Whether a creator or a reader, you can set your avatar, reset your password, and adjust notifications on your personal profile.
Step 2
Once you have permission, log in and click ENTER ADMIN MODE on the top menu. The display will shift color so that you know you’re on the backend. You’ll see a search bar to find existing projects to contribute to and just below that you’ll see the “Add a New Project” button. Go ahead and click.
Now that you have access to Manifold we’re going to set up your material!
Step 3
Add the Title and Subtitle and Description to your project. These fields are yours. You’ll notice a menu of options down the left-hand side of the page -- General, Appearance, Permissions, People, Texts, Resources, Collections, Activity, Metadata, Social Integrations, Log. Don’t worry! You can get your materials up online without having all these categories figured out. As you move forward, you’ll find that you want to adjust things -- and that’s totally ok. If you’re worried that “Author” isn’t immediately apparent, know that you can find it under “People.” Manifold puts authors in the “Creator” category and editors and publishers in “Contributor.” But that can wait.
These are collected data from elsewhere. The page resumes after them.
(* For each $C>0$ there is an irrational number $x=[a_0,a_1,a_2,\ldots]$ with all $a_i\in\{1,2,3,4\}$ whose sequence of partial quotients is eventually periodic with period length at least $C$, and whose Jacobi sequence is the constant sequence $1,1,1,\ldots$. Furthermore, there are uncountably many irrational numbers $x=[a_0,a_1,a_2,\ldots]$ with all $a_i\in\{1,2,3,4\}$ whose continued fraction expansion is not eventually periodic and whose Jacobi sequence is the constant sequence $1,1,1,\ldots$.
   Context: For $x\in\mathbb{R}\setminus\mathbb{Q}$ with regular continued fraction expansion $x=[a_0,a_1,a_2,\ldots]$, the convergents $s_k/t_k$ are defined by $s_{-1}=1$, $s_0=a_0$, $s_k=a_ks_{k-1}+s_{k-2}$ and $t_{-1}=0$, $t_0=1$, $t_k=a_kt_{k-1}+t_{k-2}$ for $k\ge1$. For an odd natural number $n$ and an integer $m$ coprime to $n$, $\left(\frac{m}{n}\right)$ is the usual Jacobi symbol; if $n$ is even and $\gcd(m,n)=1$, one sets $\left(\frac{m}{n}\right)=*$, a fixed symbol different from $\pm1$. The Jacobi sequence of $x$ is $\left(\frac{s_k}{t_k}\right)$, $k\ge 0$. An irrational number whose partial quotients all lie in $\{1,2,3,4\}$ is called a 4-representative. *)

From HB Require Import structures.
From mathcomp Require Import all_boot all_order all_algebra.
From mathcomp Require Import all_classical all_reals all_analysis.
Set Implicit Arguments. Unset Strict Implicit. Unset Printing Implicit Defensive.
Import Order.TTheory GRing.Theory Num.Theory numFieldNormedType.Exports.
Local Open Scope classical_set_scope.
Local Open Scope ring_scope.

(* Convergents of the regular continued fraction [a 0; a 1; a 2; ...].
   cf_num a k = s_k, cf_den a k = t_k.  We compute the pair (s_{k-1}, s_k)
   (resp. (t_{k-1}, t_k)) by recursion, with s_{-1} = 1, s_0 = a 0,
   t_{-1} = 0, t_0 = 1. *)
Fixpoint cf_pair (a : nat -> nat) (init : nat * nat) (k : nat) : nat * nat :=
  match k with
  | 0 => init
  | k'.+1 => let p := cf_pair a init k' in (p.2, a k'.+1 * p.2 + p.1)
  end.

Definition cf_num (a : nat -> nat) (k : nat) : nat := (cf_pair a (1, a 0) k).2.
Definition cf_den (a : nat -> nat) (k : nat) : nat := (cf_pair a (0, 1) k).2.

Definition cf_expansion {R : realType} (x : R) (a : nat -> nat) : Prop :=
  (forall i, (0 < i)%N -> (0 < a i)%N) /\
  ((fun k => (cf_num a k)%:R / (cf_den a k)%:R : R) @ \oo --> x).

Definition legendre (m p : nat) : int :=
  if dvdn p m then 0
  else if [exists y : 'I_p, modn (muln y y) p == modn m p] then 1 else -1.

(* The value of the (extended) Jacobi symbol: either an integer, or the
   special symbol * (used when the denominator is even). *)
Inductive jsym := JInt of int | JStar.

Definition jacobi (m n : nat) : jsym :=
  if odd n then JInt (\prod_(p <- primes n) legendre m p ^+ logn p n)%R
  else JStar.

Definition jacobi_seq (a : nat -> nat) (k : nat) : jsym :=
  jacobi (cf_num a k) (cf_den a k).

Definition eventually_periodic_with (a : nat -> nat) (p : nat) : Prop :=
  exists N, forall n, (N <= n)%N -> a (n + p) = a n.

Definition eventually_periodic (a : nat -> nat) : Prop :=
  exists p, (0 < p)%N /\ eventually_periodic_with a p.

Definition period_length (a : nat -> nat) (p : nat) : Prop :=
  (0 < p)%N /\ eventually_periodic_with a p /\
  forall q, (0 < q)%N -> eventually_periodic_with a q -> (p <= q)%N.

Definition four_digits (a : nat -> nat) : Prop :=
  forall i, (1 <= a i <= 4)%N.

From mathcomp Require Import all_boot all_order all_algebra all_field.
From mathcomp Require Import all_classical all_reals all_analysis.
From mathcomp Require Import zify ring lra.
Import Order.TTheory GRing.Theory Num.Theory numFieldNormedType.Exports.
Set Implicit Arguments. Unset Strict Implicit. Unset Printing Implicit Defensive.

(* The numbers are [x_c = [1; 1, 4, d_0, 4, d_1, 4, ...]] with [d_j] in {2, 4}
   read off a bit sequence [c].  Every partial quotient from index 2 on is even,
   so every denominator [t_k] is odd and [t_k = 1 (mod 4)] for even [k].  As one
   of [t_(k+1)], [t_(k+2)] is [1 (mod 4)], Jacobi reciprocity and
   [t_(k+2) = t_k (mod t_(k+1))] give
   [(t_(k+1)/t_(k+2)) = (t_k/t_(k+1)) = ... = (t_0/t_1) = 1]; then
   [s_k t_(k-1) = (-1)^(k-1) (mod t_k)], where [t_k = 1 (mod 4)] whenever the
   sign is [-1], yields [(s_k/t_k) = 1].
   Setting [d_j = 2] exactly when [m+1] divides [j] gives minimal period
   [2(m+1)].  Letting the odd-indexed bits record which [j] are squares makes the
   expansion aperiodic while the even-indexed bits stay free; since distinct bit
   sequences give distinct numbers, there are uncountably many such [x_c]. *)

(** * Quadratic reciprocity *)
Lemma odd_halfK n : odd n -> (n./2).*2.+1 = n.
Proof. by move=> on; rewrite -[RHS]odd_double_half on. Qed.

Section QuadraticResidues.
Variable p : nat.
Hypotheses (p_prime : prime p) (p_odd : odd p).
Local Notation F := 'F_p.
Local Open Scope ring_scope.

Let p_half : (p./2).*2.+1 = p. Proof. exact: odd_halfK. Qed.
Let half_gt0 : (0 < p./2)%N.
Proof. by have := prime_gt1 p_prime; rewrite -p_half; case: (p./2). Qed.

Lemma Fp_nat_eq (a b : nat) : ((a%:R : F) == b%:R) = (a == b %[mod p]).
Proof.
apply/eqP/eqP => [e|e]; first by rewrite -(val_Fp_nat p_prime a) e val_Fp_nat.
by rewrite -(Fp_nat_mod p_prime a) e Fp_nat_mod.
Qed.

Lemma Fp_nat_eq0 (a : nat) : ((a%:R : F) == 0) = (p %| a)%N.
Proof. by rewrite -[0 : F]/(0%:R) Fp_nat_eq mod0n. Qed.

Lemma Fp_fermat (x : F) : x != 0 -> x ^+ p.-1 = 1.
Proof.
move=> x0; have xp := expf_card x; rewrite card_Fp // in xp.
have : x * x ^+ p.-1 = x * 1 by rewrite -exprS prednK ?prime_gt0 // mulr1.
exact: mulfI.
Qed.

Lemma Fp_euler_sign (x : F) : x != 0 -> x ^+ p./2 = 1 \/ x ^+ p./2 = -1.
Proof.
move=> x0; have : (x ^+ p./2) ^+ 2 == 1.
  by rewrite -exprM muln2 -[(p./2).*2]/(p./2).*2.+1.-1 p_half Fp_fermat.
by rewrite sqrf_eq1 => /orP[/eqP->|/eqP->]; [left|right].
Qed.

Lemma Fp_one_neq_opp1 : (1 : F) != -1.
Proof.
rewrite -subr_eq0 opprK -[_ + 1]/(2%:R : F) Fp_nat_eq0.
apply/negP => /(dvdn_leq (isT : (0 < 2)%N)); have := prime_gt1 p_prime.
by case: p p_odd => [|[|[|]]].
Qed.

Lemma Fp_sqr_nat_inj (i j : nat) : (0 < i <= p./2)%N -> (0 < j <= p./2)%N ->
  (i%:R : F) ^+ 2 = j%:R ^+ 2 -> i = j.
Proof.
move=> hi hj /eqP; rewrite -subr_eq0 subr_sqr mulf_eq0 -natrD => /orP[].
  by rewrite subr_eq0 Fp_nat_eq !modn_small => [/eqP||]; lia.
by rewrite Fp_nat_eq0 => /dvdn_leq; lia.
Qed.

(* The [p./2] squares of [1, ..., p./2] are distinct roots of ['X^(p./2) - 1];
   a non-square root would be one root too many. *)
Lemma Fp_euler_criterion (x : F) :
  x != 0 -> (exists y : F, y ^+ 2 = x) <-> x ^+ p./2 = 1.
Proof.
move=> x0; split=> [[y yx]|x_half].
  rewrite -yx -exprM mul2n -[(p./2).*2]/(p./2).*2.+1.-1 p_half Fp_fermat //.
  by apply: contra x0 => /eqP y0; rewrite -yx y0 expr0n.
apply/not_existsP => nsq.
pose sqrs := [seq (i%:R : F) ^+ 2 | i <- iota 1 p./2].
have Xn1_neq0 : ('X^(p./2) - 1%:P : {poly F}) != 0.
  by rewrite -size_poly_eq0 size_XnsubC.
have := max_poly_roots Xn1_neq0 (rs := x :: sqrs).
rewrite size_XnsubC //= size_map size_iota ltnn /= rootE !hornerE x_half subrr eqxx.
move=> max_roots.
have all_roots : all (root ('X^(p./2) - 1%:P)) sqrs.
  apply/allP => _ /mapP[i hi ->]; rewrite rootE !hornerE -exprM mul2n.
  rewrite -[(p./2).*2]/(p./2).*2.+1.-1 p_half Fp_fermat ?subrr //.
  by rewrite Fp_nat_eq0; apply/negP => /dvdn_leq; move: hi; rewrite mem_iota; lia.
have uniq_rs : (x \notin sqrs) && uniq sqrs.
  rewrite map_inj_in_uniq ?iota_uniq ?andbT.
    by apply/negP => /mapP[i _ sq]; apply: (nsq i%:R).
  by move=> i j; rewrite !mem_iota => hi hj; apply: Fp_sqr_nat_inj; lia.
by have := max_roots all_roots uniq_rs.
Qed.

Lemma Fp_intr_sign_inj (u v : int) : (u = 1 \/ u = -1) -> (v = 1 \/ v = -1) ->
  (u%:~R : F) = v%:~R -> u = v.
Proof.
move=> [] -> [] -> //; rewrite ?rmorphN1 ?rmorph1 => /eqP e;
  by move: Fp_one_neq_opp1; rewrite ?e // eq_sym e.
Qed.

Lemma legendre_mod (m : nat) : legendre (m %% p) p = legendre m p.
Proof. by rewrite /legendre /dvdn !modn_mod. Qed.

Lemma legendre_sign (m : nat) : ~~ (p %| m)%N ->
  legendre m p = 1 \/ legendre m p = -1.
Proof. by rewrite /legendre => /negbTE ->; case: ifP; [left|right]. Qed.

Lemma legendre_Fp (m : nat) : ~~ (p %| m)%N ->
  ((legendre m p)%:~R : F) = (m%:R : F) ^+ p./2.
Proof.
move=> pNm; have m_neq0 : (m%:R : F) != 0 by rewrite Fp_nat_eq0.
rewrite /legendre (negbTE pNm); case: ifP => [/existsP[y /eqP sq_y]|nsq].
  apply/esym/(Fp_euler_criterion m_neq0); exists y%:R.
  by rewrite -natrX; apply/eqP; rewrite Fp_nat_eq -mulnn sq_y.
have {}nsq : ~ exists z : F, z ^+ 2 = m%:R.
  move=> [z sq_z]; move/negbT/negP: nsq; apply; apply/existsP.
  have zp : (val z < p)%N by have := ltn_ord z; rewrite [X in (_ < X)%N -> _]Fp_cast.
  exists (Ordinal zp); rewrite /= -Fp_nat_eq natrM -expr2.
  by rewrite [X in X ^+ 2]natr_Zp sq_z.
have [] // := Fp_euler_sign m_neq0; move/(Fp_euler_criterion m_neq0) in nsq.
by move=> sq_m; case: nsq.
Qed.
Once you fill in your title and click “Save and Continue.”
Step 4
Now that you’ve got your Title set up, you get to start adding the real stuff. Now we get into the forking paths a bit. You (or your team) have to determine what your Manifold project is. While Manifold accommodates a lot of different types of projects, it is not an authoring platform; it will make your texts and resources easy to read, annotate, and cite. Much of a project’s success lies in the preparation of the text, so we want to make sure you’re collecting and editing things in a way that will give you your desired results.
For our purposes, this guide will focus on two main types of project.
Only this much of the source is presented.